Since each run is sorted, no later row in a run can compare smaller than that run head. Therefore each emitted row is the smallest remaining row globally. After all runs are exhausted, every input row has been emitted once in sorted order.

## Complexity

Let:

* $N$ be the number of rows
* $M$ be the memory grant in rows
* $R = \lceil N / M \rceil$ be the number of runs
* $B$ be the block size
* $k$ be merge fan-in

Run generation costs:

$$
O(N \log M)
$$

CPU time for in-memory sorting.

Merge CPU cost:

$$
O(N \log k)
$$

per merge level.

I/O cost:

$$
O\left(\frac{N}{B} \log_k R\right)
$$

block transfers, plus the initial read and final write or output stream.

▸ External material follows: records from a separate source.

(* Elements of A are twins: y |-> W(x,y) is the same element of L^1 for
   all x in A. *)
Definition twins {d} {T : measurableType d} {R : realType}
  (P : probability T R) (W : T * T -> R) (A : set T) : Prop :=
  forall x x', A x -> A x' -> {ae P, forall y, W (x, y) = W (x', y)}.

Definition cluster_subspace {d} {T : measurableType d} {R : realType}
  (P : probability T R) (A : set T) (v : T -> R) : Prop :=
  P.-integrable setT (EFin \o v) /\
  exists c : R, {ae P, forall x, A x -> v x = c}.

Definition dyn_invariant {d} {T : measurableType d} {R : realType}
  (P : probability T R) (W : T * T -> R) (f g : R -> R -> R)
  (S : (T -> R) -> Prop) : Prop :=
  forall u : R -> T -> R, trajectory P W f g u ->
    S (u 0) -> forall t, S (u t).

From HB Require Import structures.
From mathcomp Require Import all_boot all_order all_algebra.
From mathcomp Require Import all_classical all_reals all_analysis.
From mathcomp Require Import ring lra measurable_realfun.
Set Implicit Arguments. Unset Strict Implicit. Unset Printing Implicit Defensive.
Import Order.TTheory GRing.Theory Num.Theory.
Import numFieldNormedType.Exports.
Local Open Scope classical_set_scope.
Local Open Scope ring_scope.

(* Let D t be the mean absolute deviation of u t on A.  Since the vertices of
   A are twins, on A the system reads u' = F_t(u) for a single K-Lipschitz map
   F_t, and since v |-> v - mean v is linear, D satisfies
   |D (t + h) - D t| <= |h| (2 K D t + o(1)).  Comparing D with
   eps * exp ((2 K + 1) t) by real induction shows that D, which vanishes at
   t = 0, vanishes for all t (backwards in time by reflection), i.e. u t stays
   a.e. constant on A. *)

Lemma real_induction (R : realType) (P : R -> Prop) :
  (forall s : R, 0 <= s -> (forall r, 0 <= r < s -> P r) ->
     exists2 e : R, 0 < e & forall r, s <= r < s + e -> P r) ->
  forall t : R, 0 <= t -> P t.
Proof.
move=> step t t0; apply: contrapT => NPt.
pose S := [set s : R | 0 <= s /\ forall r, 0 <= r < s -> P r].
have S0 : S 0 by split=> // r /andP[/le_lt_trans lt0 /lt0]; rewrite ltxx.
have supS : has_sup S.
  split; first by exists 0.
  exists t => s [_ Ps]; rewrite leNgt; apply/negP => ts.
  by apply/NPt/Ps; rewrite t0.
have ubS : forall s, S s -> s <= sup S by apply: sup_upper_bound.
have sup0 := ubS 0 S0.
have Psup : forall r, 0 <= r < sup S -> P r.
  move=> r /andP[r0 r_lt]; have gap : 0 < sup S - r by rewrite subr_gt0.
  have [s [_ Ps] lt_s] := sup_adherent gap supS.
  by apply: Ps; rewrite r0; move: lt_s; rewrite subKr.
have [e e0 Pe] := step _ sup0 Psup.
have : S (sup S + e / 2).
  split=> [|r /andP[r0 rlt]]; first lra.
  have [rsg|sgr] := ltP r (sup S); first by apply: Psup; rewrite r0.
  by apply: Pe; rewrite sgr /=; lra.
by move/ubS; lra.
Qed.

Section Gronwall.
Variable R : realType.

Definition dini_bounded (D : R -> R) (C : R) :=
  forall t eta : R, 0 < eta -> exists2 e : R, 0 < e &
    forall h, 0 < `|h| < e -> `|D (t + h) - D t| <= `|h| * (C * D t + eta).

Lemma dini_bounded_reflect D C :
  dini_bounded D C -> dini_bounded (fun t => D (- t)) C.
Proof.
move=> HD t eta eta0; have [e e0 He] := HD (- t) eta eta0.
by exists e => // h h0e; rewrite opprD -(normrN h) He ?normrN.
Qed.

Variables (D : R -> R) (C : R).
Hypotheses (C0 : 0 <= C) (D0 : forall t, 0 <= D t) (HD : dini_bounded D C).

Lemma dini_bounded_le_left (s b : R) : 0 < s ->
  (forall r : R, 0 <= r < s -> D r <= b) -> D s <= b.
Proof.
move=> s0 Db; apply/ler_addgt0Pr => e e0.
have [del del0 Hdel] := HD s ltr01.
have k0 : 0 < C * D s + 1 by rewrite ltr_pwDr // mulr_ge0.
pose h := Num.min (del / 2) (Num.min s (e / (C * D s + 1))).
have h0 : 0 < h by rewrite !lt_min !divr_gt0 ?s0.
have hdel : h < del by rewrite gt_min; apply/orP; left; lra.
have hs : h <= s by rewrite !ge_min lexx orbT.
have hk : h * (C * D s + 1) <= e.
  by rewrite -ler_pdivlMr // !ge_min lexx !orbT.
have := Hdel (- h); rewrite normrN gtr0_norm // h0 hdel => /(_ isT).
rewrite ler_norml => /andP[+ _].
have := Db (s - h); rewrite subr_ge0 hs ltrBlDr ltrDl h0 => /(_ isT).
lra.
Qed.

Lemma dini_bounded_step (s eps : R) : 0 < eps ->
  D s <= eps * expR ((C + 1) * s) ->
  exists2 e : R, 0 < e &
    forall r : R, s <= r < s + e -> D r <= eps * expR ((C + 1) * r).
Proof.
set E := eps * expR ((C + 1) * s) => eps0 DsE.
have E0 : 0 < E by rewrite mulr_gt0 ?expR_gt0.
have [e e0 He] := HD s E0; exists e => // r /andP[sr rse].
have [<-//|rs] := eqVneq s r.
have h0 : 0 < r - s by rewrite subr_gt0 lt_neqAle rs.
have := He (r - s).
rewrite gtr0_norm // h0 ltrBlDl rse addrCA subrr addr0 => /(_ isT).
rewrite ler_norml => /andP[_].
have -> : (C + 1) * r = (C + 1) * s + (C + 1) * (r - s) by ring.
rewrite expRD mulrA -/E.
have := expR_ge1Dx ((C + 1) * (r - s)).
have : (r - s) * C * D s <= (r - s) * C * E by rewrite ler_wpM2l // mulr_ge0 // ltW.
nra.
Qed.

Lemma dini_bounded_eq0_ge0 : D 0 = 0 -> forall t : R, 0 <= t -> D t = 0.
Proof.
move=> Dz t t0; apply/eqP; rewrite eq_le D0 andbT; apply/ler_addgt0Pr => e e0.
rewrite add0r.
set eps := e / expR ((C + 1) * t).
have eps0 : 0 < eps by rewrite divr_gt0 ?expR_gt0.
suff /(_ t t0) : forall r, 0 <= r -> D r <= eps * expR ((C + 1) * r).
  by rewrite divfK // gt_eqF ?expR_gt0.
apply: real_induction => s s0 Ps; apply: dini_bounded_step => //.
have [->|s_gt0] := eqVneq s 0; first by rewrite Dz mulr_ge0 // ?expR_ge0 ltW.
apply: dini_bounded_le_left; first by rewrite lt_def s_gt0.
move=> r rs; apply: (le_trans (Ps r rs)); rewrite ler_pM2l // ler_expR.
by case/andP: rs => _ /ltW; apply: ler_wpM2l; rewrite addr_ge0.
Qed.

End Gronwall.

Lemma dini_bounded_eq0 (R : realType) (D : R -> R) (C : R) :
  0 <= C -> (forall t, 0 <= D t) -> dini_bounded D C -> D 0 = 0 ->
  forall t : R, D t = 0.
Proof.
move=> C0 D0 HD Dz t; have [t0|t0] := leP 0 t.
  exact: (dini_bounded_eq0_ge0 C0 D0 HD Dz t0).
rewrite -[t]opprK; apply: (dini_bounded_eq0_ge0 C0 _ (dini_bounded_reflect HD)).
- by move=> s; apply: D0.
- by rewrite oppr0.
- by rewrite oppr_ge0 ltW.
Qed.

Lemma dnbhs0_ball (R : realType) (Q : R -> Prop) :
  (\forall h \near (0 : R)^', Q h) ->
  exists2 e : R, 0 < e & forall h, 0 < `|h| < e -> Q h.
Proof.
move=> /nbhs_ballP[e /= e0 He]; exists e => // h /andP[h0 he].
apply: He; last by rewrite -normr_gt0.
by rewrite -ball_normE /ball_ /= sub0r normrN.
Qed.

Lemma lipschitz_continuous (R : realType) (F : R -> R) (K : R) :
  (forall a b, `|F a - F b| <= K * `|a - b|) -> continuous F.
Proof.
move=> HF x; apply/cvgrPdist_lt => e e0.
have K1 : 0 < `|K| + 1 by rewrite ltr_pwDr.
near=> y; apply: (le_lt_trans (HF x y)).
apply: (le_lt_trans (ler_wpM2r (normr_ge0 _) (ler_norm K))).
have : `|x - y| < e / (`|K| + 1).
  by near: y; apply: cvgr_dist_lt; [exact: cvg_id|exact: divr_gt0].
rewrite ltr_pdivlMr // => lt_xy; apply: le_lt_trans lt_xy.
by rewrite mulrC ler_wpM2l // lerDl.
Unshelve. all: end_near.
Qed.

Lemma lipschitz2_ge0 (R : realType) (f : R -> R -> R) : lipschitz2 f ->
  exists2 K : R, 0 <= K &
    forall a b a' b', `|f a b - f a' b'| <= K * (`|a - a'| + `|b - b'|).
Proof.
move=> [L HL]; exists `|L| => // a b a' b'.
by apply: le_trans (HL a b a' b') _; rewrite ler_wpM2r ?addr_ge0 ?ler_norm.
Qed.


Section Deviation.
Context (R : realType) (d : measure_display) (T : measurableType d)
  (mu : {finite_measure set T -> \bar R}) (A : set T).
Hypothesis mA : measurable A.
Local Notation Rintegrable v := (mu.-integrable A (EFin \o v)).

Lemma integrable_cstR (c : R) : Rintegrable (fun _ => c).
Proof. exact: finite_measure_integrable_cst. Qed.

Lemma integrable_addR (v w : T -> R) :
  Rintegrable v -> Rintegrable w -> Rintegrable (fun x => v x + w x).
Proof. by move=> iv iw; apply: eq_integrable (integrableD mA iv iw). Qed.

Lemma integrable_subR (v w : T -> R) :
  Rintegrable v -> Rintegrable w -> Rintegrable (fun x => v x - w x).
Proof. by move=> iv iw; apply: eq_integrable (integrableB mA iv iw). Qed.

Lemma integrable_scaleR (k : R) (v : T -> R) :
  Rintegrable v -> Rintegrable (fun x => k * v x).
Proof. by move=> iv; apply: eq_integrable (integrableZl mA k iv). Qed.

## Database-Specific Details

| concern       | effect                                     |
| ------------- | ------------------------------------------ |
| memory grant  | determines whether sort spills             |
| temp storage  | holds sorted runs                          |
| row width     | affects number of rows per run             |
| collation     | affects string comparison cost             |
| NULL ordering | affects comparator logic                   |
| LIMIT         | may allow top-k sort instead of full sort  |
| DISTINCT      | may remove duplicates during merge         |
| GROUP BY      | may aggregate while scanning sorted groups |

## When to Use

Database external sort is used when a query requires ordered rows and no suitable index already provides the needed order.

Common cases:

* `ORDER BY`
* sort-based `GROUP BY`
* `DISTINCT`
* window functions with ordering
* sort-merge join
* index creation

## Implementation Sketch

```python id="mfy0dx"
import heapq

def database_external_sort(rows, key, memory_limit):
    runs = []

    for i in range(0, len(rows), memory_limit):
        chunk = rows[i:i + memory_limit]
        chunk.sort(key=key)
        runs.append(chunk)

    return merge_sorted_runs(runs, key)
```

```python id="64nz98"
def merge_sorted_runs(runs, key):
    heap = []
    iters = [iter(run) for run in runs]

    for run_id, it in enumerate(iters):
        try:
            row = next(it)
            heapq.heappush(heap, (key(row), run_id, row))
        except StopIteration:
            pass

    out = []

    while heap:
        _, run_id, row = heapq.heappop(heap)
        out.append(row)

        try:
            nxt = next(iters[run_id])
            heapq.heappush(heap, (key(nxt), run_id, nxt))
        except StopIteration:
            pass

    return out
```

## Notes

Database external sort is an execution operator, not only a textbook algorithm. Its performance depends heavily on memory grants, row representation, temporary storage, and whether the optimizer can avoid sorting by using an existing index order.